家庭内のネット接続では家の中にルーターがあって、そこにプロバイダ指定のDNSがデフォルトで設定されています。私の家だとNuroを契約していて、プロバイダ(Nuroのプロバイダは実質So-net)が送ってきたルーター(ZTE製F660A: 実質レンタル品)に設定方法を書いていきます。他者の場合でもほとんど同じように設定できると思います。

まず、ブラウザでルーターの管理を開きます。大抵192.168.0.1もしくは192.168.1.1になっていることが多いと思います。

このルータの場合、メニューから

アプリケーション»DNSサービス»DNS

に行くと、DNS設定の項目があるので、上記のDNSを設定します。

もしくは、DNS設定はDHCPという項目に含まれることが多いので、他のルータの場合も探してみてください。

あとは設定ボタンを押せば完了です。設定直後は、PCやタブレット・スマホの場合、一度Wifi・ネットワークをOFFにしてら再度ONにするなどしないとDNS設定が変わらないかもしれません。

テスト

テストは簡単です。ブラウザを開いて、怪しいサイトを開いてみれば分かります。サイトの判定は全部CloudFlareがやっています。

誤判定

正規のサイトに行っているのに遮断されることがたまにあります。今まで発見した誤遮断されたサイトとして楽天カードの申込ページなどがありました。まあ、変なサイトにつなぎに行くより(False negative)、正規のサイトに繋ぎに行かない(False positive)方が安全といえば安全かもしれませんが。

その他

上記で詳しく書きませんでしたが、この"1.1.1.1 for Families"には2つのモードがあります。「マルウェアサイトのみをブロック」するモードと「マルウェアサイトとアダルトサイトをブロック」するモードです。違いは設定するDNSサーバのIPアドレスなので、切り替えも簡単です。詳しくは公式サイトのアドレス設定を見てください。

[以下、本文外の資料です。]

(* Let $I_1,I_2,I_3\ge2$ and $R\ge1$. If the real $R$-term CPD of $I_1\times I_2\times I_3$ tensors is generically unique, then the $R$-term additive polynomial model $(\mu_R,\Theta_1^R)$ with $\Theta_1=\mathbb{R}^{I_1+I_2+I_3-2}$ and base map $$\mu_1(\lambda,\underline{\mathbf{a}},\underline{\mathbf{b}},\underline{\mathbf{c}})=\mathrm{vec}\Big(\lambda\begin{bmatrix}\underline{\mathbf{a}}\\1\end{bmatrix}\circ\begin{bmatrix}\underline{\mathbf{b}}\\1\end{bmatrix}\circ\begin{bmatrix}\underline{\mathbf{c}}\\1\end{bmatrix}\Big),\qquad \lambda\in\mathbb{R},\ \underline{\mathbf{a}}\in\mathbb{R}^{I_1-1},\ \underline{\mathbf{b}}\in\mathbb{R}^{I_2-1},\ \underline{\mathbf{c}}\in\mathbb{R}^{I_3-1},$$ is identifiable.
   Context: Generic uniqueness of the real $R$-term CPD: for all $(\boldsymbol\lambda,\mathbf{A},\mathbf{B},\mathbf{C})\in\mathbb{R}^R\times\mathbb{R}^{I_1\times R}\times\mathbb{R}^{I_2\times R}\times\mathbb{R}^{I_3\times R}$ outside a Lebesgue-null set, every other $R$-term decomposition of $\sum_r\lambda_r\mathbf{a}_r\circ\mathbf{b}_r\circ\mathbf{c}_r$ is obtained by permutation of terms and rescaling of the factors within each term. Additive model: given a base polynomial map $\mu_1:\Theta_1\to\mathbb{R}^S$, the $R$-term model is $\mu_R(\theta_1,\dots,\theta_R)=\mu_1(\theta_1)+\cdots+\mu_1(\theta_R)$ on $\Theta_1^R$. It is identifiable if for all $\theta\in\Theta_1^R$ outside a Lebesgue-null set, every $\theta'\in\Theta_1^R$ with $\mu_R(\theta')=\mu_R(\theta)$ is obtained from $\theta$ by permuting the blocks $\theta_r$ and replacing blocks by $\theta'_r$ with $\mu_1(\theta'_r)=\mu_1(\theta_r)$. *)

From HB Require Import structures.
From mathcomp Require Import all_boot all_order all_algebra all_fingroup.
From mathcomp Require Import reals.
Set Implicit Arguments. Unset Strict Implicit. Unset Printing Implicit Defensive.
Import Order.TTheory GRing.Theory Num.Theory.
Local Open Scope ring_scope.

Section Defs.
Variable R : realType.

Definition lebesgue_null (X : finType) (S : (X -> R) -> Prop) : Prop :=
  forall eps : R, 0 < eps ->
  exists a b : nat -> X -> R,
    (forall n x, a n x <= b n x) /\
    (forall p, S p -> exists n, forall x, a n x <= p x <= b n x) /\
    (forall N : nat, \sum_(n < N) \prod_(x : X) (b n x - a n x) < eps).

Definition generically (X : finType) (P : (X -> R) -> Prop) : Prop :=
  exists N : (X -> R) -> Prop, lebesgue_null N /\ (forall p, ~ N p -> P p).

(* Coordinates of (lambda, A, B, C) in R^Rk x R^{I1 x Rk} x R^{I2 x Rk} x R^{I3 x Rk}. *)
Definition cpd_coord (I1 I2 I3 Rk : nat) : finType :=
  ((('I_Rk + ('I_Rk * 'I_I1)) + ('I_Rk * 'I_I2)) + ('I_Rk * 'I_I3))%type.

Definition cpd_tensor (I1 I2 I3 Rk : nat) (lam : 'I_Rk -> R)
  (A : 'I_Rk -> 'I_I1 -> R) (B : 'I_Rk -> 'I_I2 -> R) (C : 'I_Rk -> 'I_I3 -> R)
  (i : 'I_I1) (j : 'I_I2) (k : 'I_I3) : R :=
  \sum_(r < Rk) lam r * A r i * B r j * C r k.

Definition cpd_perm_scale (I1 I2 I3 Rk : nat)
  (lam : 'I_Rk -> R) (A : 'I_Rk -> 'I_I1 -> R) (B : 'I_Rk -> 'I_I2 -> R) (C : 'I_Rk -> 'I_I3 -> R)
  (lam' : 'I_Rk -> R) (A' : 'I_Rk -> 'I_I1 -> R) (B' : 'I_Rk -> 'I_I2 -> R) (C' : 'I_Rk -> 'I_I3 -> R)
  : Prop :=
  exists s : 'S_Rk, forall r : 'I_Rk,
    exists d al be ga : R,
      [/\ d != 0, al != 0, be != 0, ga != 0 & d * al * be * ga = 1] /\
      [/\ lam' (s r) = d * lam r,
          (forall i, A' (s r) i = al * A r i),
          (forall j, B' (s r) j = be * B r j) &
          (forall k, C' (s r) k = ga * C r k)].

Definition cpd_generically_unique (I1 I2 I3 Rk : nat) : Prop :=
  generically (X := cpd_coord I1 I2 I3 Rk) (fun th =>
    let lam := fun r => th (inl (inl (inl r))) in
    let A := fun r i => th (inl (inl (inr (r, i)))) in
    let B := fun r j => th (inl (inr (r, j))) in
    let C := fun r k => th (inr (r, k)) in
    forall (lam' : 'I_Rk -> R) (A' : 'I_Rk -> 'I_I1 -> R)
           (B' : 'I_Rk -> 'I_I2 -> R) (C' : 'I_Rk -> 'I_I3 -> R),
      (forall i j k, cpd_tensor lam' A' B' C' i j k = cpd_tensor lam A B C i j k) ->
      cpd_perm_scale lam A B C lam' A' B' C').

Definition block (X1 : finType) (Rk : nat) (th : 'I_Rk * X1 -> R) (r : 'I_Rk)
  : X1 -> R := fun x => th (r, x).

Definition muR (X1 : finType) (V : zmodType) (mu1 : (X1 -> R) -> V) (Rk : nat)
  (th : 'I_Rk * X1 -> R) : V := \sum_(r < Rk) mu1 (block th r).

(* Theta_1^Rk has coordinates 'I_Rk * X1 (block r = theta_r). *)
Definition additive_identifiable (X1 : finType) (V : zmodType)
  (mu1 : (X1 -> R) -> V) (Rk : nat) : Prop :=
  generically (X := ('I_Rk * X1)%type) (fun th =>
    forall th' : 'I_Rk * X1 -> R, muR mu1 th' = muR mu1 th ->
      exists s : 'S_Rk, forall r : 'I_Rk,
        mu1 (block th' (s r)) = mu1 (block th r)).

(* Theta_1 = R^(1 + (I1-1) + (I2-1) + (I3-1)) = R^(I1+I2+I3-2), coordinates
   (lambda, a_, b_, c_). *)
Definition theta1_coord (I1 I2 I3 : nat) : finType :=
  (((unit + 'I_I1.-1) + 'I_I2.-1) + 'I_I3.-1)%type.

あと、ブロックされるサイトの名前解決クエリに対してどのようなレスポンスが返ってきているのかを見てみましょう。

% dig jp.pornhub.com  @1.1.1.3 

; <<>> DiG 9.10.6 <<>> jp.pornhub.com @1.1.1.3
;; global options: +cmd
;; Got answer:
;; ->>HEADER<<- opcode: QUERY, status: NOERROR, id: 59703
;; flags: qr rd ra; QUERY: 1, ANSWER: 1, AUTHORITY: 0, ADDITIONAL: 1

;; OPT PSEUDOSECTION:
; EDNS: version: 0, flags:; udp: 1452
;; QUESTION SECTION:
;jp.pornhub.com.			IN	A

;; ANSWER SECTION:
jp.pornhub.com.		60	IN	A	0.0.0.0

;; Query time: 6 msec
;; SERVER: 1.1.1.3#53(1.1.1.3)
;; WHEN: Sun May 24 19:57:22 JST 2020
;; MSG SIZE  rcvd: 73

こんな感じで0.0.0.0が返ってきてるんですね。

まとめ

「どうやって子どもたちにネットを開放していくか」問題に対して、CloudFlareが無償で提供する"1.1.1.1 for Families"を使った対策と設定方法について書きました。普段はあまり目立たないと思いますが、いざというときの手段として使えるんじゃないかと思います。

同じような仕組みで、一日のyoutubeアクセス時間をカウントして制限するようなものがあると助かります。コロナの影響で学校がなくてYoutube漬けになっているのをなんとかしたい。。。なければ、書くしかないのかなあ。そういうリゾルバサービスで攻めるのもありか。